Enter Michael Jackson, grabbing his crotch. And by "his" I mean Macaulay Culkin's.
Following a series of financially draining legal battles and career hits, the perennial post-op has put his famed Neverland Ranch up for auction. You know, that place with the amusement park rides and cotton candy,
just like a ranch. Perhaps the lucky buyer will bring some cattle in and legitimize the joint, who knows? All we know for sure is that things have been looking down for MJ ever since newspapers started running headlines like “Wacko Jacko Fondles Sacko.” Pedophilia, one could infer, is a financial killer.
But how mistaken you'd be, my shortsighted friend! For in the right circumstances, can it not also be a money-making proposition? Take the inspiring story of Louis Conradt, the late former prosecutor who is best known for his guest appearance on NBC's
To Catch a Predator. After he shot himself in shame and humiliation, his family sued NBC for 100 million dollars in damages. And it's starting to look like they might just get it.

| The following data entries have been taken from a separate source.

Theorem mainTheorem12 (R : realType) (L : nat) (Rx : finType)
    (N : Rx -> complex L * complex L) (RA : {set Rx}) (AC : {set 'I_L}) :
  is_CCRN1_order2 N ->
  (forall RB : {set Rx}, is_MAS N R RB -> has_unique_core N R RB) ->
  autocatalytic_core N R AC RA ->
  #|RA| = 2 ->
  forall (RB : {set Rx}) (BC : {set 'I_L}),
    autocatalytic_core N R BC RB -> RB != RA ->
    FWMC N RB BC != FWMC N RA AC.
Proof.
move=> HC _ coreA cardA RB BC coreB RB_RA; apply/negP => /eqP same.
have [s1 [s2 [s12 EAC]]] := two_reaction_core_species HC coreA cardA.
have exchange := same_FWMC_exchange HC same.
have EBC : BC = AC by case: same.
subst AC BC.
have [p [q [j1 [j2 [ERA cycA]]]]] := two_species_core_shape HC s12 coreA.
have [p' [q' [j1' [j2' [ERB cycB]]]]] := two_species_core_shape HC s12 coreB.
rewrite ERA ERB in exchange RB_RA.
have countsA := cycle_rest_counts HC s12 cycA.
have countsB := cycle_rest_counts HC s12 cycB.
have sameX := same_positive_rest (fun r rR => (countsA r rR).1)
  (fun r rR => (countsB r rR).1) (fun u uS => iff_sym (exchange u uS).1).
have sameY := same_positive_rest (fun r rR => (countsA r rR).2)
  (fun r rR => (countsB r rR).2) (fun u uS => iff_sym (exchange u uS).2).
have sizes_neq : s1.+1 <> s2.+1 by move=> [/val_inj e12]; rewrite e12 eqxx in s12.
have [ej1 ej2 eXp eYp [eXq eYq]] := profile_unique (ltn0Sn _) (ltn0Sn _) sizes_neq
  (cycle_profile HC s12 cycA) (cycle_profile HC s12 cycB) sameX sameY.
subst j1' j2'; case: cycA cycB => [Tp Tq [hj1 hj2 _]] [Tp' Tq' _].
have ep : p = p' := transfers_eq HC s12 hj1 Tp Tp' eXp eYp.
have s21 : s2 != s1 by rewrite eq_sym.
have eq : q = q' by apply: (transfers_eq HC s21 hj2 Tq Tq'); rewrite setUC.
by rewrite ep eq eqxx in RB_RA.
Qed.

So, let's recap. Pedophilia = financial ruin. But, pedophilia + suicide = big bucks! The question becomes: is suicide the only variable one can combine with child molestation to create financial opportunities? Perhaps adding a public apology or religious conversion into the mix would generate some capitol. Maybe adding a murder would push the whole thing back around to positive. What about molesting an old person to cancel out the pedophilia?
It's clearly a complex issue, and one that I trust is currently being pondered by the finest minds in modern Pedonomics.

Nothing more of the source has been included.